**Information**.

Lemma sqnorm_le_mxtrace_invmx M y : posdef M -> sqnorm y <= \tr (invmx M) * qform M y.
Proof.
move=> pdM; have Mu := posdef_unitmx _ pdM; have sMi := posdef_trmx_invmx _ pdM.
rewrite sqnormE /mxtrace mulr_suml; apply: ler_sum => i _.
have -> : y i 0 = bform M (invmx M *m delta_mx i 0) y.
  rewrite /bform trmx_mul sMi trmx_delta -(mulmxA _ (invmx M) M) mulVmx //.
  by rewrite mulmx1 -rowE [RHS]mxE.
have -> : invmx M i i = qform M (invmx M *m delta_mx i 0).
  by rewrite -qform_mulmx sMi -mulmxA mulmxV // mulmx1 qform_delta.
exact: posdef_bform_sqr_le.
Qed.

Lemma mxtrace_invmx_ge0 M : posdef M -> 0 <= \tr (invmx M).
Proof. by move=> pdM; apply: mxtrace_ge0 => x; apply/posdef_qform_ge0/posdef_invmx. Qed.

Lemma frob2_le_mxtrace M A : posdef M -> frob2 A <= \tr (invmx M) * \tr (A^T *m M *m A).
Proof.
move=> pdM; rewrite /frob2 exchange_big [\tr (_ *m A)]mxtraceE_qform mulr_sumr.
apply: ler_sum => j _; rewrite qform_mulmx -colE.
have -> : \sum_i A i j ^+ 2 = sqnorm (col j A).
  by rewrite sqnormE; apply: eq_bigr => i _; rewrite mxE.
exact: sqnorm_le_mxtrace_invmx.
Qed.
End QuadraticForms.

Definition resolvent {R : realType} {p : nat} (V1 V2 : 'M[R]_p) (l : R) : 'M[R]_p :=
  invmx (V2 + l *: V1).

Lemma aMSE_resolventE {R : realType} {p n1 : nat} (dg : R) (V1 V2 : 'M[R]_p)
    (X1 : 'M[R]_(p, n1)) Del n2 l :
  (resolvent V1 V2 l)^T = resolvent V1 V2 l ->
  aMSE dg V1 V2 X1 Del n2 l =
  dg * \tr (resolvent V1 V2 l *m V2 *m resolvent V1 V2 l)
  + n2%:R * l ^+ 2 * (n1%:R ^+ 2)^-1 * sqnorm (resolvent V1 V2 l *m (X1 *m Del)).
Proof.
rewrite /aMSE /sqnorm -/(resolvent V1 V2 l); set P := resolvent V1 V2 l => sP.
congr (_ * _ + _ * _); first by rewrite -mulmxA mxtrace_mulC.
by rewrite trmx_mul sP trmx_mul !mulmxA.
Qed.

Section Resolvent.
Context {R : realType} {p : nat} {V1 V2 : 'M[R]_p} {l : R}.
Hypotheses (pdV1 : posdef V1) (pdV2 : posdef V2) (l_ge0 : 0 <= l).

Local Notation P := (resolvent V1 V2 l).

Lemma resolvent_unitmx : V2 + l *: V1 \in unitmx.
Proof. exact/posdef_unitmx/posdefD_scale. Qed.

Lemma trmx_resolvent : P^T = P.
Proof. exact/posdef_trmx_invmx/posdefD_scale. Qed.

(* Expand [V2^-1 = P S V2^-1 S P] with [S = V2 + l V1]. *)
Lemma invmx_resolvent_split :
  invmx V2 = P *m V2 *m P + (2 * l) *: (P *m V1 *m P)
             + l ^+ 2 *: (P *m V1 *m invmx V2 *m V1 *m P).
Proof.
have V2u := posdef_unitmx _ pdV2; have Su := resolvent_unitmx.
have SV2S : (V2 + l *: V1) *m invmx V2 *m (V2 + l *: V1) =
            V2 + (2 * l) *: V1 + l ^+ 2 *: (V1 *m invmx V2 *m V1).
  rewrite !(mulmxDl, mulmxDr) -!scalemxAl -!scalemxAr mulmxV // mul1mx.
  rewrite -mulmxA mulVmx // mulmx1 scalerA -expr2 mulrDl mul1r scalerDl !addrA.
  by rewrite mul1mx.
have PSV2SP : P *m ((V2 + l *: V1) *m invmx V2 *m (V2 + l *: V1)) *m P = invmx V2.
  by rewrite /resolvent !mulmxA mulVmx // mul1mx -mulmxA mulmxV // mulmx1.
by rewrite -{1}PSV2SP SV2S !(mulmxDl, mulmxDr) -?scalemxAr -?scalemxAl !mulmxA.
Qed.

Lemma mxtrace_resolvent_V1_gt0 : (0 < p)%N -> 0 < \tr (P *m V1 *m P).
Proof.
move=> p_gt0; apply: mxtrace_gt0 => // x x0.
rewrite -{1}trmx_resolvent qform_mulmx; apply: (proj2 pdV1).
apply: contra x0 => /eqP Px0.
by rewrite -(mulKVmx resolvent_unitmx x) -/(resolvent V1 V2 l) Px0 mulmx0.
Qed.

Lemma resolvent_gain_le_mxtrace_invmx :
  2 * l * \tr (P *m V1 *m P) + l ^+ 2 * \tr (P *m V1 *m invmx V2 *m V1 *m P)
  <= \tr (invmx V2).
Proof.
have PV2P_ge0 : 0 <= \tr (P *m V2 *m P).
  apply: mxtrace_ge0 => x; rewrite -{1}trmx_resolvent qform_mulmx.
  exact: posdef_qform_ge0.
by rewrite {2}invmx_resolvent_split !mxtraceD !mxtraceZ -addrA lerDr.
Qed.

Lemma mxtrace_resolvent_V1_invV2_ge0 : 0 <= \tr (P *m V1 *m invmx V2 *m V1 *m P).
Proof.
apply: mxtrace_ge0 => x.
have -> : P *m V1 *m invmx V2 *m V1 *m P = (V1 *m P)^T *m invmx V2 *m (V1 *m P).
  by rewrite trmx_mul trmx_resolvent (proj1 pdV1) !mulmxA.
by rewrite qform_mulmx; apply/posdef_qform_ge0/posdef_invmx.
Qed.

Lemma sqnorm_resolvent_le w :
  sqnorm (P *m w) <= \tr (invmx V1) * \tr (P *m V1 *m P) * sqnorm w.
Proof.
apply: le_trans (sqnorm_mulmx_le P w) _; apply: ler_wpM2r; first exact: sqnorm_ge0.
by rewrite -{2}trmx_resolvent; apply: frob2_le_mxtrace.
Qed.

Lemma sqnorm_le_resolvent w :
  sqnorm w <= 2 * (frob2 V2 + l ^+ 2 * frob2 V1) * sqnorm (P *m w).
Proof.
have w_split : V2 *m (P *m w) + l *: (V1 *m (P *m w)) = w.
  by rewrite scalemxAl -mulmxDl mulmxA mulmxV ?mul1mx //; apply: resolvent_unitmx.
rewrite -{1}w_split; apply: le_trans (sqnormD_le _ _) _; rewrite sqnormZ.
have := sqnorm_mulmx_le V2 (P *m w).
have := ler_wpM2l (sqr_ge0 l) (sqnorm_mulmx_le V1 (P *m w)); lra.
Qed.
Lemma measurable_fun_case (I : finType) (g : T -> I) (F : I -> T -> R) :
  (forall i, measurable [set w | g w = i]) -> (forall i, measurable_fun setT (F i)) ->
  measurable_fun setT (fun w => F (g w) w).
Proof.
move=> mg mF; under eq_fun do rewrite case_indic_sum.
apply: measurable_sum => i; apply: measurable_funM => //; exact: measurable_indic.
Qed.

Lemma measurable_pick (I : finType) (i0 : I) (q : T -> I -> bool) :
  (forall i, measurable [set w | q w i]) ->
  forall j, measurable [set w | odflt i0 [pick i | q w i] = j].
Proof.
move=> mq j.
have mq' i v : measurable [set w | q w i = v].
  case: v; first by congr measurable: (mq i); apply/seteqP; split.
  rewrite (_ : [set w | q w i = false] = ~` [set w | q w i]); first exact: measurableC.
  by apply/seteqP; split=> w /=; case: (q w i).
rewrite (_ : [set w | odflt i0 [pick i | q w i] = j] =
  \bigcup_(f in [set f : {ffun I -> bool} | odflt i0 [pick i | f i] = j])
    \bigcap_(i in [set: I]) [set w | q w i = f i]).
  apply: fin_bigcup_measurable; first exact: finite_finset.
  move=> f _; apply: fin_bigcap_measurable; first exact: finite_finset.
  by move=> i _; exact: mq'.
apply/seteqP; split => w /=.
- move=> <-; exists [ffun i => q w i]; last by move=> i _; rewrite /= ffunE.
  by rewrite /=; congr odflt; apply: eq_pick => i; rewrite ffunE.
- by case=> f /= <- hw; congr odflt; apply: eq_pick => i; exact: hw.
Qed.

Lemma measurable_sum_in (I : eqType) (s : seq I) (h : I -> T -> R) :
  (forall i, i \in s -> measurable_fun setT (h i)) ->
  measurable_fun setT (fun w => \sum_(i <- s) h i w).
Proof.
move=> mh; rewrite (_ : (fun w => _) =
    (fun w => \sum_(i <- s) (if i \in s then h i w else 0))); last first.
  by apply: funext => w; rewrite -big_mkcond -big_seq.
apply: measurable_sum => i; case: (boolP (i \in s)) => [/mh // | _]; exact: measurable_cst.
Qed.

End measurable_helpers.

Section greedy_kernel.
Context {R : realType} {X : finType} {n : nat}.
Local Notation A := 'I_n.+1.
Local Notation K := (n.+1%:R : R).

Lemma bgreedy_max (muh : X -> A -> R) c j : muh c j <= muh c (bgreedy muh c).
Proof. by rewrite /bgreedy; case: arg_maxP => //= i _; apply. Qed.

Section measurability.
Context {d : measure_display} {T : measurableType d}.
Variables (mh : T -> X -> A -> R) (c : X).
Hypothesis mmh : forall j, measurable_fun setT (fun w => mh w c j).

Lemma measurable_bgreedy b : measurable [set w | bgreedy (mh w) c = b].
Proof.
rewrite (_ : [set w | _] =
   [set w | odflt ord0 [pick i | [forall j, mh w c j <= mh w c i]] = b]); last first.
  by apply/seteqP; split => w; rewrite /= /bgreedy /Order.arg_max /extremum;
    congr (odflt _ _ = _); apply: eq_pick.
apply: measurable_pick => i.
rewrite (_ : [set w | _] = \bigcap_(j in [set: A]) [set w | mh w c j <= mh w c i]).
  apply: fin_bigcap_measurable; first exact: finite_finset.
  by move=> j _; exact: measurable_ler_set.
by apply/seteqP; split => w /= => [/forallP H j _ | H]; [exact: H | apply/forallP => j; exact: H].
Qed.

Lemma measurable_greedy_value : measurable_fun setT (fun w => mh w c (bgreedy (mh w) c)).
Proof.
exact: (measurable_fun_case (F := fun b w => mh w c b) measurable_bgreedy).
Qed.

Lemma measurable_pker (g : T -> R) i : measurable_fun setT g ->
  measurable_fun setT (fun w => pker (mh w) (g w) c i).
Proof.
move=> mg; apply: (measurable_fun_case (F := fun b w =>
  if i != b then (K + g w * (mh w c b - mh w c i))^-1
  else 1 - \sum_(j : A | j != b) (K + g w * (mh w c b - mh w c j))^-1))
  measurable_bgreedy _ => b.
have mden j : measurable_fun setT (fun w => (K + g w * (mh w c b - mh w c j))^-1).
  apply: measurable_funV; apply: measurable_funD => //.
  by apply: measurable_funM => //; exact: measurable_funB.
case: (i != b) => //; apply: measurable_funB => //.
under eq_fun do rewrite big_mkcond /=.
by apply: measurable_sum => j; case: (j != b).
Qed.

End measurability.

Section kernel.
Variables (muh : X -> A -> R) (gam : R) (c : X).
Hypothesis gam0 : 0 < gam.
Let b := bgreedy muh c.
Let q j := (K + gam * (muh c b - muh c j))^-1.

Let den_ge j : K <= K + gam * (muh c b - muh c j).
Proof. by rewrite lerDl mulr_ge0 ?(ltW gam0) // subr_ge0 bgreedy_max. Qed.

Let K_gt0 : 0 < K. Proof. by rewrite ltr0n. Qed.

Let den_gt0 j : 0 < K + gam * (muh c b - muh c j).
Proof. exact: lt_le_trans K_gt0 (den_ge j). Qed.

Let sum_q : \sum_(j : A | j != b) q j <= 1 - K^-1.
Proof.
have q_le j : q j <= K^-1 by rewrite lef_pV2 ?posrE.
apply: le_trans (ler_sum _ (fun j _ => q_le j)) _.
rewrite sumr_const cardC1 card_ord (_ : n.+1.-1 = n) // -[_ *+ n]mulr_natl lerBrDr.
by rewrite -[X in _ + X]mul1r -mulrDl natr1 divff // lt0r_neq0.
Qed.

Lemma pker_ge0 i : 0 <= pker muh gam c i.
Proof.
rewrite /pker -/b; case: (i != b); first by rewrite invr_ge0 ltW.
rewrite subr_ge0; apply: le_trans sum_q _.
by rewrite lerBlDr lerDl invr_ge0 ltW.
Qed.

Lemma pker_sum : \sum_(i : A) pker muh gam c i = 1.
Proof.
rewrite (bigD1 b) //= /pker -/b eqxx /= [X in _ + X](eq_bigr q) ?subrK //.
by move=> j ->.
Qed.

Lemma pker_le1 i : pker muh gam c i <= 1.
Proof.
rewrite -pker_sum (bigD1 i) //= lerDl; apply: sumr_ge0 => j _; exact: pker_ge0.
Qed.

Lemma pker_mul_gap_le i : pker muh gam c i * (muh c b - muh c i) <= gam^-1.
Proof.
case: (eqVneq i b) => [->|hi]; first by rewrite subrr mulr0 invr_ge0 ltW.
rewrite /pker -/b hi mulrC ler_pdivrMr // ler_pdivlMl // lerDr ltW //.
Qed.

End kernel.
End greedy_kernel.

Lemma expR_le_quadratic (R : realType) (z : R) : -1 <= z <= 1 ->
  expR z <= 1 + z + 2 * z ^+ 2.
Proof.
move=> /andP[z1 z2]; case: (lerP z 0) => hz.
  have := expR_ge1Dx (- z); have := expRxMexpNx_1 z; have := expR_gt0 z; nra.
(* For [z > 0] bound [expR (z/2)] through [1 - z/2 <= expR (- z/2)] and square. *)
have e2 : expR z = expR (z / 2) ^+ 2 by rewrite -expRM_natr; congr expR; field.
have h1 := expR_ge1Dx (- (z / 2)).
have h2 := expRxMexpNx_1 (z / 2).
have h3 := expR_gt0 (z / 2).
set e := expR (z / 2) in e2 h2 h3 *; set f := expR (- (z / 2)) in h1 h2 *.
have e_ge0 : 0 <= e * (1 - z / 2) by apply: mulr_ge0; [exact: ltW | lra].
have e_le1 : e * (1 - z / 2) <= 1.
  by rewrite -[X in _ <= X]h2; apply: ler_wpM2l; [exact: ltW | lra].
have poly : 1 <= (1 - z / 2) ^+ 2 * (1 + z + 2 * z ^+ 2).
  rewrite -subr_ge0 (_ : _ - 1 = ((1 - z) * (5 / 4 - z / 2)) * z ^+ 2); last by field.
  by apply: mulr_ge0; [apply: mulr_ge0; lra | exact: sqr_ge0].
have sq : (e * (1 - z / 2)) ^+ 2 <= 1 by rewrite expr2; exact: mulr_ile1.
have pos : 0 < 1 - z / 2 by lra.
rewrite e2; nra.
Qed.
Lemma sgn_muzz b : sgn b (mu z) * sgn b (mu z) != 1.
Proof. by case: b; rewrite /sgn ?muzz // -invMg eq_invg1 muzz. Qed.

Lemma p_cross A B x y : A != 1 -> B != 1 -> A != B ->
  (p (A * B, x^-1 * y)).2 = ((p (A, x)).2)^-1 * (p (B, y)).2 \/
  (p (A * B, x^-1 * y)).2 = ((p (B, y)).2)^-1 * (p (A, x)).2.
Proof.
move=> nA nB nAB.
have -> : (A * B, x^-1 * y) = Lmul (A, x) (B, y) :> L by rewrite /Lmul /= (negbTE nB).
case: (p_half (A, x) (B, y)) => ->; rewrite (pE A x) (pE B y) /Lmul /= kap_eq1.
  by rewrite (negbTE nB); left.
by rewrite (negbTE nA); right.
Qed.

Lemma neqAB_mul A B : A != B -> A * B != 1.
Proof. by rewrite klein_mul_eq1. Qed.

Lemma tw_mul A B : A != 1 -> B != 1 -> A != B -> keeps (A * B) = keeps A ->
  tw (A * B) = (tw A)^-1 * tw B.
Proof.
move=> nA nB nAB eC; have nC := neqAB_mul nAB.
have := p_cross 1 1 nA nB nAB.
rewrite invg1 mulg1 !p_fibreE // mu1 !sgn1 !mulg1; case=> // h11.
have := p_cross z 1 nA nB nAB.
rewrite mulg1 !p_fibreE // mu1 muV sgn1 mulg1 sgnV eC; case.
  by rewrite invMg cM -mulgA => /mulgI.
by rewrite h11 -mulgA => /mulgI /mulgI /eqP; rewrite (negbTE (sgn_muzV _)).
Qed.

Lemma keeps_mixed A B : A != 1 -> B != 1 -> A != B ->
  keeps (A * B) = keeps A -> keeps B = ~~ keeps A -> False.
Proof.
move=> nA nB nAB eC eB; have nC := neqAB_mul nAB.
have wC := tw_mul nA nB nAB eC.
set U := sgn (keeps A) (mu z).
have wC' : tw (A * B) = (tw B)^-1 * tw A.
  have := p_cross 1 z nA nB nAB.
  rewrite invg1 mul1g !p_fibreE // mu1 sgn1 mulg1 eC eB sgnN -/U; case.
    by rewrite wC -mulgA => /mulgI /mulgI /eqP; rewrite eq_sym (negbTE (sgn_muzV _)).
  by rewrite invMg invgK cM -mulgA => /mulgI.
have := p_cross z z nA nB nAB.
rewrite mulVg !p_fibreE // mu1 sgn1 mulg1 eB sgnN -/U; case.
  rewrite invMgC mulgACA wC -{1}[(tw A)^-1 * tw B]mulg1 => /mulgI /eqP.
  by rewrite eq_sym -invMg eq_invg1 (negbTE (sgn_muzz _)).
rewrite invMgC invgK mulgACA wC' -{1}[(tw B)^-1 * tw A]mulg1 => /mulgI /eqP.
by rewrite eq_sym (negbTE (sgn_muzz _)).
Qed.

Lemma keeps_const : keeps ka = keeps kb /\ keeps kb = keeps kc.
Proof.
have := @keeps_mixed ka kb isT isT isT; have := @keeps_mixed kb ka isT isT isT.
have := @keeps_mixed ka kc isT isT isT; rewrite !kleinM.
case: (keeps ka); case: (keeps kb); case: (keeps kc) => m3 m2 m1 //; exfalso;
  first [exact: m1 | exact: m2 | exact: m3].
Qed.
(* Let $X_\Sigma$ be a projective toric variety. For any $x\in Z(\Sigma)$ and any $D\in\mathrm{Amp}(X_\Sigma)_{\mathbf R}$, there is a unique vector $\lambda^D_x\in\Lambda^D_x$ that is $\chi_D$-adapted to $x$, and $M^D(x)=-\|\lambda^D_x\|$.
   Context: $\Sigma$ complete fan, rays $\Sigma(1)$, generators $u_\rho$, divisors $D_\rho$; primitive collections $C\subset\Sigma(1)$ (not contained in $\sigma(1)$ for any cone $\sigma$, every proper subset is); $Z(\Sigma)=\bigcup_CV(x_\rho:\rho\in C)\subset\mathbf C^{\Sigma(1)}$. $G=\mathrm{Hom}(\mathrm{Cl}(X_\Sigma),\mathbf C^\times)$, $\Gamma(G)=\{b\in\mathbf Z^{\Sigma(1)}:\sum b_\rho u_\rho=0\}$, $\langle\chi_D,b\rangle=\sum a_\rho b_\rho$ for $D=\sum a_\rho D_\rho$, extended $\mathbf R$-linearly; $\Gamma(G)_{\mathbf R}\subset\mathbf R^{\Sigma(1)}$ with restricted standard inner product and norm; $\chi_D^*\in\Gamma(G)_{\mathbf R}$ defined by $(\chi_D^*,v)=\langle\chi_D,v\rangle$. $\mathrm{Amp}(X_\Sigma)_{\mathbf R}$ is the ample cone in $\mathrm{Pic}(X_\Sigma)_{\mathbf R}$. For $x\in\mathbf C^{\Sigma(1)}$, $S_x=\{\rho:x_\rho\ne0\}$, $\sigma_x=\{v\in\Gamma(G)_{\mathbf R}:v_\rho\ge0\ \forall\rho\in S_x\}$; for $Z\subset\Sigma(1)$, $W_Z=\{v\in\Gamma(G)_{\mathbf R}:v_\rho=0\ \forall\rho\in Z\}$ and $\mathrm{Proj}_{W_Z}$ is orthogonal projection; $\Lambda^D_x=\{-\mathrm{Proj}_{W_Z}\chi_D^*:Z\subset S_x,\ -\mathrm{Proj}_{W_Z}\chi_D^*\in\sigma_x\}$. $M^D(x)=\inf_{\lambda\in\sigma_x\setminus\{0\}}\langle\chi_D,\lambda\rangle/\|\lambda\|$, and $\lambda\in\Gamma(G)_{\mathbf R}$ is $\chi_D$-adapted to $x$ if $\langle\chi_D,\lambda\rangle/\|\lambda\|=M^D(x)$. *)

From HB Require Import structures.
From mathcomp Require Import all_boot all_order all_algebra.
From mathcomp Require Import classical_sets boolp reals constructive_ereal ereal.
From mathcomp Require Import complex.
From Stdlib Require Import ClassicalEpsilon.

**Your assignment**. Every line of the data above that includes "ffunE" should be listed.

**Solution**.
- move=> <-; exists [ffun i => q w i]; last by move=> i _; rewrite /= ffunE.
  by rewrite /=; congr odflt; apply: eq_pick => i; rewrite ffunE.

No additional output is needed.